**Task goal:** After finding the line with "End Subalgebras." in the entries below, retype exactly each line from there through the line with "x = X this is", including that final line.

- - -

(* Let $\Lambda$ be an artin algebra and $C,Y$ $\Lambda$-modules. The subset ${}^C[\to Y\rangle$ of the lattice $[\to Y\rangle$ is closed under meets: if $f_1: X_1\to Y$ and $f_2: X_2\to Y$ are right $C$-determined, and $g_1: X\to X_1$, $g_2: X\to X_2$ form a pullback of $f_1,f_2$, then $f_1g_1: X\to Y$ is right $C$-determined.
   Context: All modules are finite length left $\Lambda$-modules. For maps $f: X\to Y$, $f': X'\to Y$, write $f\preceq f'$ if $f=f'h$ for some $h: X\to X'$; right equivalence means $f\preceq f'$ and $f'\preceq f$, and $[f\rangle$ denotes the class; $[\to Y\rangle$ is the poset (lattice) of such classes with $[f\rangle\le [f'\rangle$ iff $f\preceq f'$. A map $f: X\to Y$ is right $C$-determined if for every map $f': X'\to Y$ such that $f'\phi$ factors through $f$ for every $\phi: C\to X'$, the map $f'$ itself factors through $f$. ${}^C[\to Y\rangle$ is the set of right equivalence classes of right $C$-determined maps ending in $Y$. *)

From HB Require Import structures.
From mathcomp Require Import all_boot all_order all_algebra.
Set Implicit Arguments. Unset Strict Implicit. Unset Printing Implicit Defensive.
Import GRing.Theory.
Local Open Scope ring_scope.

Section ModuleDefs.
Variable R : pzRingType.

Definition submodule (M : lmodType R) (P : M -> Prop) : Prop :=
  [/\ P 0, (forall x y, P x -> P y -> P (x + y))
    & (forall (a : R) x, P x -> P (a *: x))].

Definition strict_sub (M : lmodType R) (P Q : M -> Prop) : Prop :=
  (forall x, P x -> Q x) /\ (exists x, Q x /\ ~ P x).

(** Finite length: the lengths of strictly increasing chains of submodules
    S_0 < S_1 < ... < S_m are bounded (the length of M is the supremum of
    such m). *)
Definition finite_length (M : lmodType R) : Prop :=
  exists n : nat, forall (m : nat) (S : nat -> M -> Prop),
    (forall i, (i <= m)%N -> submodule (S i)) ->
    (forall i, (i < m)%N -> strict_sub (S i) (S i.+1)) ->
    (m <= n)%N.

Definition artinian_module (M : lmodType R) : Prop :=
  forall S : nat -> M -> Prop,
    (forall i, submodule (S i)) ->
    (forall i x, S i.+1 x -> S i x) ->
    exists N, forall i, (N <= i)%N -> forall x, S i x <-> S N x.

Definition factors_through (X0 X Y : lmodType R) (g : X0 -> Y) (f : X -> Y)
  : Prop :=
  exists h : {linear X0 -> X}, forall x, g x = f (h x).

Definition right_determined (C X Y : lmodType R) (f : X -> Y) : Prop :=
  forall (X' : lmodType R), finite_length X' ->
  forall f' : {linear X' -> Y},
    (forall phi : {linear C -> X'}, factors_through (fun c => f' (phi c)) f) ->
    factors_through f' f.

Definition is_pullback (X1 X2 X Y : lmodType R)
  (f1 : {linear X1 -> Y}) (f2 : {linear X2 -> Y})
  (g1 : {linear X -> X1}) (g2 : {linear X -> X2}) : Prop :=
  (forall x, f1 (g1 x) = f2 (g2 x)) /\
  forall (Z : lmodType R), finite_length Z ->
  forall (h1 : {linear Z -> X1}) (h2 : {linear Z -> X2}),
    (forall z, f1 (h1 z) = f2 (h2 z)) ->
    exists h : {linear Z -> X},
      [/\ (forall z, g1 (h z) = h1 z), (forall z, g2 (h z) = h2 z)
        & forall h' : {linear Z -> X},
            (forall z, g1 (h' z) = h1 z) -> (forall z, g2 (h' z) = h2 z) ->
            forall z, h' z = h z].

End ModuleDefs.

Definition artin_algebra (L : pzRingType) : Prop :=
  exists (k : comPzRingType) (iota : {rmorphism k -> L}),
    [/\ artinian_module (k^o : lmodType k),
        (forall (a : k) (l : L), iota a * l = l * iota a)
      & exists (n : nat) (s : 'I_n -> L),
          forall l : L, exists c : 'I_n -> k,
            l = \sum_(i < n) iota (c i) * s i].

From HB Require Import structures.
From mathcomp Require Import all_boot all_order all_algebra.

(* If [f'] is tested against [f1 g1 = f2 g2], every test map [f' phi] factors
   through both [f1] and [f2]; since these are right C-determined, [f'] itself
   factors through [f1] and [f2], and the pullback glues the two factorizations
   into one through [f1 g1]. *)

Section Pullback.
Variable L : pzRingType.

Lemma factors_through_comp (X0 X X' Y : lmodType L) (f' : X0 -> Y) (f : X -> Y)
    (g : {linear X' -> X}) :
  factors_through f' (fun x' => f (g x')) -> factors_through f' f.
Proof. by move=> [h Hh]; exists (g \o h)%FUN. Qed.

Lemma factors_through_pullback (X1 X2 X Y : lmodType L)
    (f1 : {linear X1 -> Y}) (f2 : {linear X2 -> Y})
    (g1 : {linear X -> X1}) (g2 : {linear X -> X2})
    (X0 : lmodType L) (f' : {linear X0 -> Y}) :
  is_pullback f1 f2 g1 g2 -> finite_length X0 ->
  factors_through f' f1 -> factors_through f' f2 ->
  factors_through f' (fun x => f1 (g1 x)).
Proof.
move=> [_ pb] flX0 [h1 Hh1] [h2 Hh2].
have [h [Hg1 _ _]] := pb X0 flX0 h1 h2 (fun z => etrans (esym (Hh1 z)) (Hh2 z)).
by exists h => z /=; rewrite Hg1 Hh1.
Qed.

Lemma right_determined_pullback (C X1 X2 X Y : lmodType L)
    (f1 : {linear X1 -> Y}) (f2 : {linear X2 -> Y})
    (g1 : {linear X -> X1}) (g2 : {linear X -> X2}) :
  right_determined C f1 -> right_determined C f2 ->
  is_pullback f1 f2 g1 g2 ->
  right_determined C (fun x => f1 (g1 x)).
Proof.
move=> rd1 rd2 pbf X0 flX0 f' Hf.
have comm x : f1 (g1 x) = f2 (g2 x) by case: pbf.
have Hf1 : factors_through f' f1.
  by apply: rd1 => // phi; apply: factors_through_comp (Hf phi).
have Hf2 : factors_through f' f2.
  apply: rd2 => // phi; apply: (@factors_through_comp _ _ _ _ _ _ g2).
  by have [h Hh] := Hf phi; exists h => c; rewrite Hh comm.
exact: factors_through_pullback pbf flX0 Hf1 Hf2.
Qed.

End Pullback.

Theorem proposition3p2 (L : pzRingType) (HL : artin_algebra L)
  (C Y X1 X2 X : lmodType L)
  (flC : finite_length C) (flY : finite_length Y) (flX1 : finite_length X1)
  (flX2 : finite_length X2) (flX : finite_length X)
  (f1 : {linear X1 -> Y}) (f2 : {linear X2 -> Y})
  (g1 : {linear X -> X1}) (g2 : {linear X -> X2}) :
  right_determined C f1 -> right_determined C f2 ->
  is_pullback f1 f2 g1 g2 ->
  right_determined C (fun x : X => f1 (g1 x)).
Proof. exact: right_determined_pullback. Qed.
Definition shift_rule (r : nat * nat * action) : nat * nat * action :=
  ((r.1.1.+3, r.1.2), shift_action r.2).

(* States 0-2 scan right to the end of the input, erase it back to and
   including the separator 4, and return to its left end; the machine E then
   runs with its states shifted by 3. *)
Definition erase_log_prefix : TM :=
  [:: ((0,1),Act 0 1 MR); ((0,2),Act 0 2 MR); ((0,3),Act 0 3 MR); ((0,4),Act 0 4 MR);
      ((0,0),Act 1 0 ML);
      ((1,1),Act 1 0 ML); ((1,2),Act 1 0 ML); ((1,3),Act 1 0 ML); ((1,4),Act 2 0 ML);
      ((2,1),Act 2 1 ML); ((2,2),Act 2 2 ML); ((2,3),Act 2 3 ML); ((2,0),Act 3 0 MR)].

Definition erase_log (E : TM) : TM := erase_log_prefix ++ map shift_rule E.

Lemma oracle_free_erase_log E : oracle_free E -> oracle_free (erase_log E).
Proof. by rewrite /oracle_free all_cat all_map; apply: sub_all => -[? []]. Qed.

Definition shifted (d c : config) : Prop :=
  [/\ cst d = (cst c).+3, eq_tape (cleft d) (cleft c), ccur d = ccur c
    & eq_tape (cright d) (cright c)].

Lemma do_move_eq_tape mv l l' a r r' : eq_tape l l' -> eq_tape r r' ->
  let: (l1, a1, r1) := do_move mv l a r in let: (l2, a2, r2) := do_move mv l' a r' in
  [/\ eq_tape l1 l2, a1 = a2 & eq_tape r1 r2].
Proof.
move=> eq_l eq_r; case: mv => /=; split=> //; rewrite -?nth0 //.
- by move=> i; rewrite !nth_behead.
- by case.
- by case.
- by move=> i; rewrite !nth_behead.
Qed.

Lemma step_erase_log E o c d : oracle_free E -> shifted d c ->
  if step E o c is Some (c1, oq)
  then exists2 d1, step (erase_log E) o d = Some (d1, oq) & shifted d1 c1
  else step (erase_log E) o d = None.
Proof.
move=> Eof; case: d => qd ld ad rd; case: c => qc lc ac rc [/= -> eq_l -> eq_r].
rewrite /step filter_cat /= filter_map /=; case E1: [seq r <- E | _] => [|[[q0 s0] act] rs] //=.
have := oracle_free_filter Eof E1; case: act {E1} => // q' s' mv _ /=.
have := do_move_eq_tape mv s' eq_l eq_r.
case: (do_move mv ld s' rd) => [[l1 a1] r1]; case: (do_move mv lc s' rc) => [[l2 a2] r2].
by case=> eq1 -> eq3; exists (Config q'.+3 l1 a2 r1).
Qed.

Lemma run_erase_log E o fuel c d t qs cf : oracle_free E -> shifted d c ->
  run E o fuel c = Some (t, qs, cf) ->
  exists2 cf', run (erase_log E) o fuel d = Some (t, qs, cf') & shifted cf' cf.
Proof.
move=> Eof; elim: fuel c d t qs cf => [|fuel IH] c d t qs cf sh_dc //=.
have := step_erase_log o Eof sh_dc; case: (step E o c) => [[c1 oq]|].
- case=> d1 -> sh1; case Er: (run E o fuel c1) => [[[t' qs'] cf1]|] // [<- <- <-].
  by have [cf' -> sh'] := IH _ _ _ _ _ sh1 Er; exists cf'.
- by move=> -> [<- <- <-]; exists d.
Qed.

Section ErasePhases.
Variables (E : TM) (o : nat -> bool).
Local Notation steps := (steps (erase_log E) o).

Lemma erase_log_scan l w : all (fun x => 0 < x <= 4) w ->
  steps (Config 0 l (head 0 w) (behead w)) (Config 0 (catrev w l) 0 [::]).
Proof.
elim: w l => [|x w IH] l /=; first by move=> _; constructor.
case/andP=> x_sym w_sym; apply: steps_cons (IH _ w_sym).
by case: x x_sym => [|[|[|[|[|x]]]]].
Qed.

Lemma erase_log_erase q L R : all (fun x => 0 < x <= 3) q ->
  steps (Config 1 (behead (q ++ 4 :: L)) (head 0 (q ++ 4 :: L)) R)
        (Config 1 L 4 (ncons (size q) 0 R)).
Proof.
elim: q R => [|x q IH] R /=; first by move=> _; constructor.
case/andP=> x_sym q_sym; rewrite /ncons -iterS iterSr; apply: steps_cons (IH _ q_sym).
by case: x x_sym => [|[|[|[|x]]]].
Qed.

Lemma erase_log_rewind q R : all (fun x => 0 < x <= 3) q ->
  steps (Config 2 (behead q) (head 0 q) R) (Config 2 [::] 0 (catrev q R)).
Proof.
elim: q R => [|x q IH] R /=; first by move=> _; constructor.
case/andP=> x_sym q_sym; apply: steps_cons (IH _ q_sym).
by case: x x_sym => [|[|[|[|x]]]].
Qed.
Lemma gen_image_ideal (x1 x2 x3 : B3 R) b :
  D x1 = 0 -> D x2 = 0 -> gen [:: x1; x2; x3] b -> exists c, D b = D x3 * c.
Proof.
move=> h1 h2; elim => [a|y|b1 b2 _ [c1 e1] _ [c2 e2]|b1 b2 _ [c1 e1] _ [c2 e2]].
- by exists 0; rewrite Dx_c3 mulr0.
- rewrite !inE => /or3P [] /eqP ->; last by exists 1; rewrite mulr1.
  + by exists 0; rewrite h1 mulr0.
  + by exists 0; rewrite h2 mulr0.
- by exists (c1 + c2); rewrite DxD e1 e2 mulrDr.
- by exists (b1 * c2 + c1 * b2); rewrite DxM e1 e2; ring.
Qed.

Lemma genT_coefZ b : gen [:: varT R] b -> b`_1 = 0.
Proof.
elim => [a|y|b1 b2 _ h1 _ h2|b1 b2 _ h1 _ h2].
- by rewrite /c3 coefC.
- by rewrite inE => /eqP ->; rewrite /varT coefC.
- by rewrite coefD h1 h2 addr0.
- rewrite coefM big_ord_recr big_ord_recr big_ord0 /= add0r.
  by rewrite subn0 subnn h1 h2 mulr0 mul0r addr0.
Qed.

End Subalgebras.

Section KernelElement.
Variable R : comNzRingType.
Variable x : R.
Local Notation D := (Dx x).

(* The family T + c Y^2 - 2 c x Z of kernel elements; for c = -1 and
   x = X this is the element T' of the theorem. *)
Definition kerT (c : R) : B3 R :=
  varT R + c3 c * varY R ^+ 2 - c3 (2%:R * c * x) * varZ R.

Lemma Dx_kerT c : D (kerT c) = 0.
Proof.
rewrite /kerT DxD DxN DxD DxT !Dx_c3M expr2 DxM DxY DxZ !c3M c3_nat.
move: (c3 c) (c3 x) (varY R) => C X Y; ring.
Qed.

Lemma kerT_coefZ c : (kerT c)`_1 = - (2%:R * c * x)%:P%:P.
Proof.
rewrite /kerT /varT /varY /varZ /c3 -rmorphXn /= coefB coefD !coefCM !coefC.
by rewrite coefX /= mulr0 add0r mulr1 sub0r.
Qed.

Lemma varT_from_kerT c :
  varT R = kerT c + c3 (- c) * (varY R * varY R) + c3 (2%:R * c * x) * varZ R.
Proof.
rewrite /kerT c3N expr2.
by move: (varT R) (c3 c) (varY R) (c3 (2%:R * c * x) * varZ R) => T C Y Z; ring.
Qed.

Lemma Gamma_TYZ : in_Gamma D 2 [:: varT R; varY R; varZ R].
Proof.
split; first by apply: coord_sys3; apply: gen_var; rewrite !inE eqxx ?orbT.
by apply: kills_first_of => y; rewrite inE => /eqP ->; exact: DxT.
Qed.

Lemma Gamma_kerT_YZ c : in_Gamma D 2 [:: kerT c; varY R; varZ R].
Proof.
split; last first.
  by apply: kills_first_of => y; rewrite inE => /eqP ->; exact: Dx_kerT.
pose xs := [:: kerT c; varY R; varZ R].
have gk : gen xs (kerT c) by apply: gen_var; rewrite inE eqxx.
have gY : gen xs (varY R) by apply: gen_var; rewrite !inE eqxx orbT.
have gZ : gen xs (varZ R) by apply: gen_var; rewrite !inE eqxx !orbT.
apply: coord_sys3 => //; rewrite (varT_from_kerT c).
exact: gen_add (gen_add gk (gen_mul (gen_const _ _) (gen_mul gY gY)))
  (gen_mul (gen_const _ _) gZ).
Qed.

Lemma kerT_notin_genT c : 2%:R * c * x != 0 -> ~ gen [:: varT R] (kerT c).
Proof.
move=> hc /genT_coefZ /eqP; rewrite kerT_coefZ oppr_eq0 !polyC_eq0.
exact/negP.
Qed.

(* Rank 0 would mean D = 0, but D Y = x. *)
Lemma no_rank0 : x != 0 -> ~ exists xs, in_Gamma D 0 xs.
Proof.
move=> hx [xs [[hs hall] hk]].
have := hk (varY R); rewrite subn0 take_oversize ?hs // => /(_ (hall _)).
by rewrite DxY => /eqP; rewrite /c3 !polyC_eq0 (negbTE hx).
Qed.

End KernelElement.

Section RankOne.
Variable R : comUnitRingType.
Variable x : R.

- - -

**Answer to this problem:**
End Subalgebras.

Section KernelElement.
Variable R : comNzRingType.
Variable x : R.
Local Notation D := (Dx x).

(* The family T + c Y^2 - 2 c x Z of kernel elements; for c = -1 and
   x = X this is the element T' of the theorem. *)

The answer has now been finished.